AMARILLO, TX – The Texas Secretary of State’s Office filed an opposition brief arguing that a joint motion by the Republican Party of Texas and Attorney General Ken Paxton to close the state’s primary elections is unconstitutional and procedurally improper.

Filed in the Northern District of Texas on October 30, 2025, the 31-page brief contends that the proposed “consent judgment” lacks jurisdiction, violates Article III’s requirement for adversity between parties, and infringes on the state’s sovereign immunity.

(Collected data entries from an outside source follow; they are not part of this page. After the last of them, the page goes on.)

(* Let $2\le k<n$, $w=n-k$, and suppose there is an $(n,w,n-1)_q$ code of size $\frac{n(n-1)}{k(k-1)}$. Let $$R=\frac{(n-1)(n-k)}{k(k-1)},\qquad \widetilde P=\frac{(n-1)\big((n-k^2)(n-1)+k(k-1)^2\big)}{2k^2(k-1)^2},$$ $a=\lfloor R/(q-1)\rfloor$ and $b=R-a(q-1)$. Then $(q-1)\binom{a}{2}+ba\le\lfloor\widetilde P\rfloor$, and in particular $q-1\ge R-\lfloor\widetilde P\rfloor$.
   Context: $\mathbb{Z}_q=\{0,\dots,q-1\}$ (an alphabet); $\mathrm{wt}$ = number of nonzero coordinates; $d$ = Hamming distance; $J_q(n,w)$ = weight-$w$ words of $\mathbb{Z}_q^n$. An $(n,w,d)_q$ code of size $M$ is a subset $C\subseteq J_q(n,w)$ with $|C|=M$ and pairwise distances at least $d$. *)

From mathcomp Require Import all_boot all_order all_algebra.
Set Implicit Arguments. Unset Strict Implicit. Unset Printing Implicit Defensive.
Import Order.TTheory GRing.Theory Num.Theory.

Definition word (n q : nat) := {ffun 'I_n -> 'I_q}.

Definition wt (n q : nat) (x : word n q) : nat := #|[set i | val (x i) != 0%N]|.

Definition hdist (n q : nat) (x y : word n q) : nat := #|[set i | x i != y i]|.

Definition is_code (n q w d : nat) (C : {set word n q}) : Prop :=
  (forall x, x \in C -> wt x = w) /\
  (forall x y, x \in C -> y \in C -> x != y -> d <= hdist x y).

From mathcomp Require Import all_boot all_order all_algebra.
Import Order.TTheory GRing.Theory Num.Theory.
From mathcomp Require Import zify ring lra.

(* Two codewords at distance at least n - 1 agree in at most one coordinate.
   In particular they share at most one zero position, so every coordinate is
   zero in at most (n - 1)/(k - 1) codewords, and the size n(n-1)/(k(k-1))
   forces equality: every coordinate carries a nonzero symbol in exactly R
   codewords.  Counting agreeing ordered pairs of codewords coordinate by
   coordinate bounds the sum of the squared symbol multiplicities by
   M(M + n - 1).  At each coordinate the R nonzero entries are spread over
   q - 1 symbols, and f^2 >= (2a + 1) f - a(a + 1) turns the bound into
   (q - 1) C(a, 2) + b a <= P; the left side is an integer, hence at most
   floor P, and it is at least R - (q - 1). *)

Lemma sum_nat_of_bool {T : finType} (P : pred T) : \sum_(t : T) P t = #|[set t | P t]|.
Proof. by rewrite -sum1dep_card [RHS]big_mkcond; apply: eq_bigr => t _; case: (P t). Qed.

Lemma sum_eq_indicator {T : finType} (P : pred T) (t : T) :
  \sum_(u | P u) (t == u : nat) = P t.
Proof.
case Pt: (P t); last by rewrite big1 // => u Pu; case: eqP => // tu; rewrite -tu Pt in Pu.
by rewrite (bigD1 t) //= eqxx big1 // => u /andP[_ /negbTE]; rewrite eq_sym => ->.
Qed.

(* (f - a) (f - a - 1) >= 0 for integers f and a. *)
Lemma leq_tangent_sq (f a : nat) : (2 * a + 1) * f <= f ^ 2 + a * (a + 1).
Proof. rewrite -mulnn; case: (leqP f a) => ?; nia. Qed.

Lemma bin2_mul2 (a : nat) : 2 * 'C(a, 2) = a * a.-1.
Proof. by rewrite -mul_bin_diag bin1. Qed.

Lemma leq_divn_bin2 (m d : nat) :
  0 < d -> m <= d + d * 'C(m %/ d, 2) + m %% d * (m %/ d).
Proof.
move=> d_gt0; have := ltn_pmod m d_gt0; have := divn_eq m d; have := bin2_mul2 (m %/ d).
by case: (m %/ d) => [|[|a]]; nia.
Qed.

Lemma divn_bin2_tangentE (m d : nat) :
  2 * (d * 'C(m %/ d, 2) + m %% d * (m %/ d)) + d * (m %/ d * (m %/ d + 1))
    = 2 * (m %/ d) * m.
Proof.
have := bin2_mul2 (m %/ d); have := divn_eq m d.
by case: (m %/ d) => [|a]; nia.
Qed.

Section SymbolCounts.

Local Set Implicit Arguments.
Local Unset Strict Implicit.

Variables (n q : nat) (C : {set word n q}).

Definition sym_count (i : 'I_n) (v : 'I_q) : nat := \sum_(x in C) (x i == v).

Lemma sum_sym_count i : \sum_v sym_count i v = #|C|.
Proof.
rewrite exchange_big /= -sum1_card; apply: eq_bigr => x _.
exact: (sum_eq_indicator xpredT (x i)).
Qed.

Lemma sym_count_le i v : sym_count i v <= #|C|.
Proof. by rewrite -(sum_sym_count i) (bigD1 v) ?leq_addr. Qed.

Lemma sum_sym_count_sq i :
  \sum_v sym_count i v ^ 2 = \sum_(x in C) \sum_(y in C) (x i == y i).
Proof.
transitivity (\sum_v \sum_(x in C) \sum_(y in C) ((x i == v) * (y i == v))).
  apply: eq_bigr => v _; rewrite -mulnn big_distrl.
  by apply: eq_bigr => x _; rewrite big_distrr.
rewrite exchange_big; apply: eq_bigr => x _; rewrite exchange_big.
apply: eq_bigr => y _.
rewrite (eq_bigr (fun v => (x i == v) * (x i == y i))); last first.
  by move=> v _; case: (eqVneq (x i) v) => [->|]; rewrite ?mul0n // eq_sym.
by rewrite -big_distrl /= (sum_eq_indicator xpredT) mul1n.
Qed.

Lemma card_agree_add_hdist (x y : word n q) :
  #|[set i | x i == y i]| + hdist x y = n.
Proof.
rewrite /hdist -[RHS](card_ord n) -(cardsC [set i | x i == y i]).
by congr (_ + _); apply: eq_card => i; rewrite !inE.
Qed.

Variable w : nat.
Hypothesis codeC : is_code w (n - 1) C.

Lemma code_agree_le1 x y :
  x \in C -> y \in C -> x != y -> #|[set i | x i == y i]| <= 1.
Proof.
move=> xC yC xy; have := codeC.2 x y xC yC xy.
have := card_agree_add_hdist x y; move: (#|_|) (hdist _ _) => a h; lia.
Qed.

Lemma sum_sym_count_sq_le :
  \sum_i \sum_v sym_count i v ^ 2 <= #|C| * (#|C| + (n - 1)).
Proof.
rewrite (eq_bigr _ (fun i _ => sum_sym_count_sq i)) exchange_big /=.
rewrite -sum_nat_const; apply: leq_sum => x xC; rewrite exchange_big /=.
apply: (@leq_trans (\sum_(y in C) (1 + (n - 1) * (x == y)))).
  apply: leq_sum => y yC; rewrite sum_nat_of_bool.
  case: (eqVneq x y) => [<-|xy]; last by rewrite muln0 addn0 code_agree_le1.
  by rewrite (leq_trans (max_card _)) // card_ord muln1; lia.
rewrite big_split /= sum1_card -big_distrr /=.
by rewrite (sum_eq_indicator (fun y => y \in C)) xC muln1.
Qed.

End SymbolCounts.

Section ZeroCounts.

Local Set Implicit Arguments.
Local Unset Strict Implicit.

Variables (n k Q : nat) (C : {set word n Q.+1}).
Hypothesis codeC : is_code (n - k) (n - 1) C.

Lemma common_zeros_le1 i j :
  i != j -> \sum_(x in C) ((x i == ord0) * (x j == ord0)) <= 1.
Proof.
move=> ij; rewrite big_mkcond /=.
rewrite (eq_bigr (fun x => [&& x \in C, x i == ord0 & x j == ord0] : nat)); last first.
  by move=> x _; case: (x \in C); case: (x i == ord0); case: (x j == ord0).
rewrite sum_nat_of_bool; apply/card_le1_eqP => x y; rewrite !inE.
case/and3P=> xC /eqP xi /eqP xj /and3P[yC /eqP yi /eqP yj].
case: (eqVneq x y) => // xy; exfalso.
have agree_ij : [set i; j] \subset [set l | x l == y l].
  by apply/subsetP => l; rewrite !inE => /orP[] /eqP ->; rewrite ?xi ?yi ?xj ?yj.
have := subset_leq_card agree_ij; rewrite cards2 ij.
by have := code_agree_le1 codeC xC yC xy; lia.
Qed.

Hypothesis k_le_n : k <= n.

Lemma card_zeros x : x \in C -> #|[set i | x i == ord0]| = k.
Proof.
move=> xC; have := codeC.1 x xC; rewrite /wt.
have := cardsC [set i | x i == ord0]; rewrite card_ord.
have -> : ~: [set i | x i == ord0] = [set i | val (x i) != 0].
  by apply/setP => i; rewrite !inE.
move: (#|_|) (#|_|) => z nz; lia.
Qed.

Lemma sum_sym_count0 : \sum_i sym_count C i ord0 = #|C| * k.
Proof.
rewrite exchange_big /= -sum_nat_const; apply: eq_bigr => x xC.
by rewrite sum_nat_of_bool card_zeros.
Qed.

Lemma sym_count0_le i : sym_count C i ord0 * (k - 1) <= n - 1.
Proof.
have row x : x \in C ->
    (x i == ord0) * (k - 1) = \sum_(j | j != i) (x i == ord0) * (x j == ord0).
  move=> xC; rewrite -big_distrr /=.
  have := card_zeros xC; rewrite -sum_nat_of_bool (bigD1 i) //=.
  by case: (x i == ord0) => /=; lia.
rewrite big_distrl /= (eq_bigr _ row) exchange_big /=.
apply: (@leq_trans (\sum_(j | j != i) 1)).
  by apply: leq_sum => j ji; apply: common_zeros_le1; rewrite eq_sym.
rewrite sum1dep_card (_ : [set j | j != i] = [set~ i]) ?cardsC1 ?card_ord ?subn1 //.
by apply/setP => j; rewrite !inE.
Qed.

Lemma sum_sym_count0_tangent a :
  \sum_i ((2 * a + 1) * (#|C| - sym_count C i ord0) + sym_count C i ord0 ^ 2)
    <= #|C| * (#|C| + (n - 1)) + n * (Q * (a * (a + 1))).
Proof.
apply: leq_trans (leq_add (sum_sym_count_sq_le codeC) (leqnn _)).
have -> : n * (Q * (a * (a + 1))) = \sum_(i < n) Q * (a * (a + 1)).
  by rewrite sum_nat_const card_ord.
rewrite -big_split /=; apply: leq_sum => i _.
have -> : #|C| - sym_count C i ord0 = \sum_(v | v != ord0) sym_count C i v.
  by rewrite -(sum_sym_count C i) (bigD1 ord0) //= addKn.
rewrite [X in _ <= X + _](bigD1 ord0) //= addnC -addnA leq_add2l big_distrr /=.
apply: (@leq_trans (\sum_(v | v != ord0) (sym_count C i v ^ 2 + a * (a + 1)))).
  by apply: leq_sum => v _; apply: leq_tangent_sq.
rewrite big_split /= sum_nat_cond_const (_ : [set v | v != ord0] = [set~ ord0]).
  by rewrite cardsC1 card_ord.
by apply/setP => v; rewrite !inE.
Qed.

Hypothesis cardC : #|C| * (k * (k - 1)) = n * (n - 1).

(* Summed over i, the bounds of [sym_count0_le] add up exactly to [cardC]. *)
Lemma sym_count0 i : sym_count C i ord0 * (k - 1) = n - 1.
Proof.
have : \sum_i (n - 1 - sym_count C i ord0 * (k - 1)) = 0.
  rewrite sumnB => [|j _]; last exact: sym_count0_le.
  by rewrite -big_distrl /= sum_sym_count0 sum_nat_const card_ord -mulnA cardC subnn.
move/eqP; rewrite sum_nat_eq0 => /forallP/(_ i) /=.
have := sym_count0_le i; lia.
Qed.

Hypothesis k_ge2 : 2 <= k.

Lemma code_bin2_bound i (r := sym_count C i ord0) (m := #|C| - r) :
  2 * n * (Q * 'C(m %/ Q, 2) + m %% Q * (m %/ Q)) + n * (r ^ 2 + m)
    <= #|C| * (#|C| + (n - 1)).
Proof.
rewrite -(leq_add2r (n * (Q * (m %/ Q * (m %/ Q + 1))))).
apply: leq_trans (sum_sym_count0_tangent (m %/ Q)).
have const j : sym_count C j ord0 = r.
  by apply/eqP; rewrite -(eqn_pmul2r (_ : 0 < k - 1)) ?sym_count0 //; lia.
rewrite (eq_bigr (fun=> (2 * (m %/ Q) + 1) * m + r ^ 2)) => [|j _]; last by rewrite const.
rewrite sum_nat_const card_ord.
have := divn_bin2_tangentE m Q; nia.
Qed.

End ZeroCounts.

Lemma wt_gt0_alphabet_gt1 (n q : nat) (x : word n q) : 0 < wt x -> 1 < q.
Proof.
case/card_gt0P => i; rewrite inE -lt0n => xi_gt0.
exact: leq_ltn_trans xi_gt0 (ltn_ord (x i)).
Qed.

Local Open Scope ring_scope.

Lemma floor_divn (F : archiRealFieldType) (m d : nat) :
  Num.floor (m%:R / d%:R : F) = (m %/ d)%N%:Z.
Proof.
case: d => [|d]; first by rewrite invr0 mulr0 divn0 floor0.
apply: floor_def; rewrite -[_ + 1]/(Posz (m %/ d.+1 + 1)) addn1 !pmulrn.
rewrite ler_pdivlMr ?ltr_pdivrMr ?ltr0n // -!natrM ler_nat ltr_nat.
by rewrite leq_divM ltn_ceil.
Qed.

Lemma natr_mul_pred (F : pzRingType) (a : nat) : (a * a.-1)%:R = a%:R * (a%:R - 1) :> F.
Proof. by case: a => [|a]; rewrite ?mul0n ?mul0r // natrM -natr1 addrK. Qed.

(* [M - r] is the number R of codewords with a nonzero symbol at a fixed
   coordinate, and [d] stands for q - 1. *)
Lemma design_floor_bound (n k d M r : nat) :
  (2 <= k)%N -> (k < n)%N -> (0 < d)%N -> (r <= M)%N ->
  (M%:R : rat) = (n%:R * (n%:R - 1)) / (k%:R * (k%:R - 1)) ->
  (r * (k - 1) = n - 1)%N ->
  (2 * n * (d * 'C((M - r) %/ d, 2) + (M - r) %% d * ((M - r) %/ d))
     + n * (r ^ 2 + (M - r)) <= M * (M + (n - 1)))%N ->
  let R : rat := ((n%:R - 1) * (n%:R - k%:R)) / (k%:R * (k%:R - 1)) in
  let Pt : rat := ((n%:R - 1) * ((n%:R - k%:R ^+ 2) * (n%:R - 1)
                      + k%:R * (k%:R - 1) ^+ 2))
                  / (2 * k%:R ^+ 2 * (k%:R - 1) ^+ 2) in
  let a : int := Num.floor (R / d%:R) in
  let b : rat := R - a%:~R * d%:R in
  d%:R * (a%:~R * (a%:~R - 1) / 2) + b * a%:~R <= (Num.floor Pt)%:~R
  /\ R - (Num.floor Pt)%:~R <= d%:R.
Proof.
move=> k_ge2 k_lt_n d_gt0 r_le_M cardM rk; set m := (M - r)%N.
set L := (d * 'C(m %/ d, 2) + m %% d * (m %/ d))%N => count_bound R Pt a b.
have k_neq0 : k%:R != 0 :> rat by rewrite pnatr_eq0; lia.
have k1_neq0 : k%:R - 1 != 0 :> rat by rewrite subr_eq0 pnatr_eq1; lia.
have n_gt0 : 0 < n%:R :> rat by rewrite ltr0n; lia.
have r_eq : r%:R = (n%:R - 1) / (k%:R - 1) :> rat.
  have := congr1 (fun j => j%:R : rat) rk; rewrite /= natrM !natrB; try lia.
  by move=> <-; rewrite mulfK.
have R_eq : R = m%:R by rewrite natrB // cardM r_eq /R; field; rewrite k_neq0 k1_neq0.
have a_eq : a = (m %/ d)%:Z by rewrite /a R_eq floor_divn.
have L_eq : d%:R * (a%:~R * (a%:~R - 1) / 2) + b * a%:~R = L%:R :> rat.
  have bin2_eq : ('C(m %/ d, 2)%:R : rat) = (m %/ d)%:R * ((m %/ d)%:R - 1) / 2.
    by rewrite -natr_mul_pred -bin2_mul2 natrM; field.
  have m_eq : (m%:R : rat) = (m %/ d)%:R * d%:R + (m %% d)%:R.
    by rewrite -natrM -natrD -divn_eq.
  by rewrite /b R_eq a_eq -pmulrn /L natrD !natrM bin2_eq m_eq; field.
have Pt_eq : Pt = ((M * (M + (n - 1)))%:R - (n * (r ^ 2 + m))%:R) / (2 * n%:R).
  rewrite !natrM !natrD natrX !natrB; try lia.
  by rewrite cardM r_eq /Pt; field; rewrite k_neq0 k1_neq0 lt0r_neq0.
have L_le_Pt : L%:R <= Pt.
  rewrite Pt_eq ler_pdivlMr ?mulr_gt0 // lerBrDr -!natrM -natrD ler_nat.
  by rewrite mulnC.
have L_le_floor : (L%:R <= (Num.floor Pt)%:~R :> rat).
  by rewrite -[L%:R]/(L%:Z%:~R : rat) ler_int floor_ge_int.
split; first by rewrite L_eq.
have := leq_divn_bin2 m d d_gt0; rewrite -addnA -/L -(ler_nat rat) natrD -R_eq => m_le.
lra.
Qed.

Theorem mainTheorem17 (n k q : nat) (C : {set word n q}) :
  (2 <= k)%N -> (k < n)%N ->
  is_code (n - k) (n - 1) C ->
  (#|C|%:R : rat) = (n%:R * (n%:R - 1)) / (k%:R * (k%:R - 1)) ->
  let R : rat := ((n%:R - 1) * (n%:R - k%:R)) / (k%:R * (k%:R - 1)) in
  let Pt : rat := ((n%:R - 1) * ((n%:R - k%:R ^+ 2) * (n%:R - 1)
                      + k%:R * (k%:R - 1) ^+ 2))
                  / (2 * k%:R ^+ 2 * (k%:R - 1) ^+ 2) in
  let a : int := Num.floor (R / (q%:R - 1)) in
  let b : rat := R - a%:~R * (q%:R - 1) in
  (q%:R - 1) * (a%:~R * (a%:~R - 1) / 2) + b * a%:~R <= (Num.floor Pt)%:~R
  /\ R - (Num.floor Pt)%:~R <= q%:R - 1.
Proof.
move=> k_ge2 k_lt_n codeC cardC.
have cardCn : (#|C| * (k * (k - 1)) = n * (n - 1))%N.
  apply/eqP; rewrite -(eqr_nat rat) !natrM !natrB ?cardC; try lia.
  by apply/eqP; field; rewrite pnatr_eq0 subr_eq0 pnatr_eq1; apply/andP; split; lia.
have [x xC] : exists x, x \in C by apply/card_gt0P; move: cardCn; case: #|C|; lia.
have q_gt1 : (1 < q)%N.
  by apply: (@wt_gt0_alphabet_gt1 _ _ x); rewrite codeC.1 // subn_gt0.
case: q q_gt1 C codeC cardC cardCn x xC => [|[|Q]] // _ C codeC cardC cardCn _ _.
have n_gt0 : (0 < n)%N by lia.
pose i0 := Ordinal n_gt0.
rewrite (_ : Q.+2%:R - 1 = Q.+1%:R :> rat) => [|]; last by rewrite -natr1 addrK.
apply: (design_floor_bound n k Q.+1 #|C| (sym_count C i0 ord0)) => //.
- exact: sym_count_le.
- exact: (sym_count0 codeC (ltnW k_lt_n) cardCn i0).
- exact: (code_bin2_bound codeC (ltnW k_lt_n) cardCn k_ge2 i0).
Qed.
Lemma measurable_geodesic u v s : measurable [set w | geodesic (fun e => Y e w) u v s].
Proof.
have [sa_s|not_sa] := pselect (sa_path u v s); last first.
  by rewrite (_ : [set w | _] = set0) //; apply/seteqP; split=> w // [].
rewrite (_ : [set w | _] = \bigcap_(p in sa_path u v)
    [set w | passage_time (fun e => Y e w) s <= passage_time (fun e => Y e w) p]).
  apply: measurable_bigcap_countable => p _; rewrite -[X in measurable X]setTI.
  by apply: measurable_fun_le => //; exact: measurable_passage_time.
by apply/seteqP; split=> w => [[]|] //=; split.
Qed.

Lemma measurable_first_geodesic ord x s :
  measurable [set w | first_geodesic ord (fun e => Y e w) x s].
Proof.
rewrite (_ : [set w | _] = [set w | geodesic (fun e => Y e w) 0 x s] `&`
    \bigcap_(p in [set p | ~~ ord s p]) ~` [set w | geodesic (fun e => Y e w) 0 x p]).
  apply: measurableI; first exact: measurable_geodesic.
  by apply: measurable_bigcap_countable => p _; apply/measurableC/measurable_geodesic.
apply/seteqP; split=> w [geo_s first_s]; split=> // p.
  by move=> /negP not_sp /first_s.
by case: (boolP (ord s p)) => // /first_s.
Qed.

End measurable_geodesics.

Section edge_independence.
Local Open Scope ereal_scope.
Context (dd : measure_display) (Omega : measurableType dd) (R : realType) (d : nat).
Variables (P : probability Omega R) (tau : Edge d -> Omega -> R) (mu : probability R R).
Hypothesis tau_iid : iid_law P tau mu.

Definition cylinder (S : seq (Edge d)) (B : Edge d -> set R) : set Omega :=
  \bigcap_(f in [set` S]) (tau f @^-1` B f).

(* A pi-system generating the sigma-algebra of the weights off the edge e. *)
Definition cylinder_off (e : Edge d) : set (set Omega) :=
  [set A | exists S B, [/\ uniq S, e \notin S,
     (forall f, measurable (B f)) & A = cylinder S B]].

Lemma measurable_tau_preimage f B : measurable B -> measurable (tau f @^-1` B).
Proof. by move=> mB; rewrite -[X in measurable X]setTI; apply: tau_iid.1. Qed.

Lemma measurable_cylinder S B :
  (forall f, measurable (B f)) -> measurable (cylinder S B).
Proof.
by move=> mB; apply: measurable_bigcap_countable => f _; apply: measurable_tau_preimage.
Qed.

Lemma cylinder1 f B : cylinder [:: f] B = tau f @^-1` B f.
Proof. by rewrite /cylinder set_cons1 bigcap_set1. Qed.

Lemma cylinder_cons f S B : cylinder (f :: S) B = tau f @^-1` B f `&` cylinder S B.
Proof.
rewrite /cylinder; have -> : [set` f :: S] = f |` [set` S].
  apply/seteqP; split=> g /=; rewrite inE; first by case/orP=> [/eqP|]; [left|right].
  by case=> [->|->]; rewrite ?eqxx ?orbT.
exact: (bigcap_setU1 (fun g => tau g @^-1` B g)).
Qed.

Lemma cylinder_off_measurable e A : cylinder_off e A -> measurable A.
Proof. by case=> S [B [_ _ mB ->]]; apply: measurable_cylinder. Qed.

Lemma cylinder_off_setT e : cylinder_off e setT.
Proof.
exists [::], (fun _ => setT); split => //.
by rewrite /cylinder set_nil bigcap_set0.
Qed.

Lemma cylinder_off_setI e : setI_closed (cylinder_off e).
Proof.
move=> _ _ [S1 [B1 [_ eS1 mB1 ->]]] [S2 [B2 [_ eS2 mB2 ->]]].
pose B f := (if f \in S1 then B1 f else setT) `&` (if f \in S2 then B2 f else setT).
exists (undup (S1 ++ S2)), B; split.
- exact: undup_uniq.
- by rewrite mem_undup mem_cat negb_or eS1 eS2.
- by move=> f; apply: measurableI; case: ifP.
apply/seteqP; split=> w /=.
  move=> [in1 in2] f /=; rewrite mem_undup mem_cat /B.
  by case: ifPn => [/in1|_]; case: ifPn => [/in2|_] //= ? ? ?; split.
move=> inB; split=> f /= fS; have /inB[] : f \in undup (S1 ++ S2).
- by rewrite mem_undup mem_cat fS.
- by rewrite fS.
- by rewrite mem_undup mem_cat fS orbT.
- by rewrite fS.
Qed.

Lemma cylinder_off_indep e A B : cylinder_off e A -> measurable B ->
  P (A `&` tau e @^-1` B) = mu B * P A.
Proof.
move=> [S [BS [uS eS mBS ->]]] mB.
pose B' f := if f == e then B else BS f.
have mB' f : measurable (B' f) by rewrite /B'; case: ifP.
have B'S : {in S, B' =1 BS}.
  by move=> f fS; rewrite /B'; case: eqP => // fe; move: eS; rewrite -fe fS.
have := tau_iid.2 (e :: S) B' _ mB'; rewrite /= eS uS => /(_ isT).
rewrite -/(cylinder _ _) cylinder_cons big_cons.
have -> : \prod_(f <- S) mu (B' f) = \prod_(f <- S) mu (BS f).
  by apply: eq_big_seq => f /B'S ->.
have -> : cylinder S B' = cylinder S BS by apply: eq_bigcapr => f /B'S ->.
by rewrite /B' eqxx setIC => ->; rewrite (tau_iid.2 S BS uS mBS).
Qed.

Lemma sigma_off_indep e A B : <<s cylinder_off e >> A -> measurable B ->
  P (A `&` tau e @^-1` B) = mu B * P A.
Proof.
move=> sA mB.
have m_e : measurable (tau e @^-1` B) by apply: measurable_tau_preimage.
have muB_ge0 : (0 <= fine (mu B))%R by apply: fine_ge0.
have muBE : mu B = (fine (mu B))%:E by rewrite fineK // fin_num_measure.
have cover : \bigcup_(_ : nat) [set: Omega] = [set: Omega].
  by apply/seteqP; split=> // w _; exists 0%N.
have agree A' : cylinder_off e A' -> mrestr P m_e A' = mscale (NngNum muB_ge0) P A'.
  by move=> /cylinder_off_indep /(_ mB); rewrite /mrestr /mscale /= -muBE.
have finite (k : nat) : mrestr P m_e setT < +oo.
  by rewrite /mrestr setTI (le_lt_trans (probability_le1 _ m_e)) ?ltey.
rewrite muBE; exact: (@g_sigma_algebra_measure_unique _ _ _ _
  (@cylinder_off_measurable e) (fun=> setT) (fun=> cylinder_off_setT e) cover _ _
  (@cylinder_off_setI e) agree finite _ sA).
Qed.

Lemma sigma_off_measurable e A : <<s cylinder_off e >> A -> measurable A.
Proof.
exact: smallest_sub (@sigma_algebra_measurable _ Omega) (@cylinder_off_measurable e) A.
Qed.

Lemma sigma_off_tau f e : f != e ->
  measurable_fun setT (tau f : g_sigma_algebraType (cylinder_off e) -> R).
Proof.
move=> fe _ B mB; rewrite setTI; apply: sub_sigma_algebra.
exists [:: f], (fun _ => B); split=> //; first by rewrite inE eq_sym.
by rewrite cylinder1.
Qed.

End edge_independence.

Lemma nneseries_single (R : realType) (f : nat -> \bar R) k :
  (forall n, (0 <= f n)%E) -> (forall n, n != k -> f n = 0%E) ->
  (\sum_(n <oo) f n = f k)%E.
Proof.
move=> f_ge0 fk; rewrite (@nneseries_split _ _ 0 k.+1) // add0n.
rewrite eseries0 => [|i ki _]; last by rewrite fk // gtn_eqF.
rewrite adde0 big_nat_recr //= big1_seq ?add0e // => i.
by rewrite mem_index_iota => /andP[_ ik]; rewrite fk // ltn_eqF.
Qed.

Section countable_sum.
Local Open Scope ereal_scope.
Context (R : realType) (T : countType).

Definition countable_sum (f : T -> \bar R) : \bar R :=
  \sum_(n <oo) oapp f 0 (pickle_inv n).

Lemma countable_sum_single (f : T -> \bar R) t :
  (forall u, 0 <= f u) -> (forall u, u != t -> f u = 0) -> countable_sum f = f t.
Proof.
move=> f_ge0 ft; rewrite /countable_sum (nneseries_single (k := pickle t)).
- by rewrite pickleK_inv.
- by move=> n; case: pickle_inv.
move=> n; case En: (pickle_inv n) => [u|] //= nt; apply: ft; apply: contra nt => /eqP ut.
by rewrite -(@pickle_invK T n) En /= ut.
Qed.

Lemma countable_sum0 (f : T -> \bar R) : (forall u, f u = 0) -> countable_sum f = 0.
Proof. by move=> f0; apply: eseries0 => n _ _; case: pickle_inv. Qed.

The filing asserts that the motion, brought less than an hour after notifying the Secretary of State, is “collusive” and represents “a fundamental assault on Article III’s case-or-controversy requirement.”
The Secretary of State’s counsel argued that the plaintiffs—Republican voter Chip Hunt and the Republican Party of Texas—have not demonstrated any immediate harm, as their challenge concerns the 2028 election, not the ongoing 2026 cycle. The brief maintains that any changes to Texas’s primary system must be enacted by the Legislature, not through an agreed judgment between non-adverse parties.
Citing constitutional precedent, the opposition states that “consent cannot create jurisdiction” and that the proposed judgment “does not assume the honest and actual antagonistic assertion of rights” required under federal law. The filing requests that the court deny the motion outright or hold a hearing to determine whether the proposal is fair, reasonable, and non-collusive.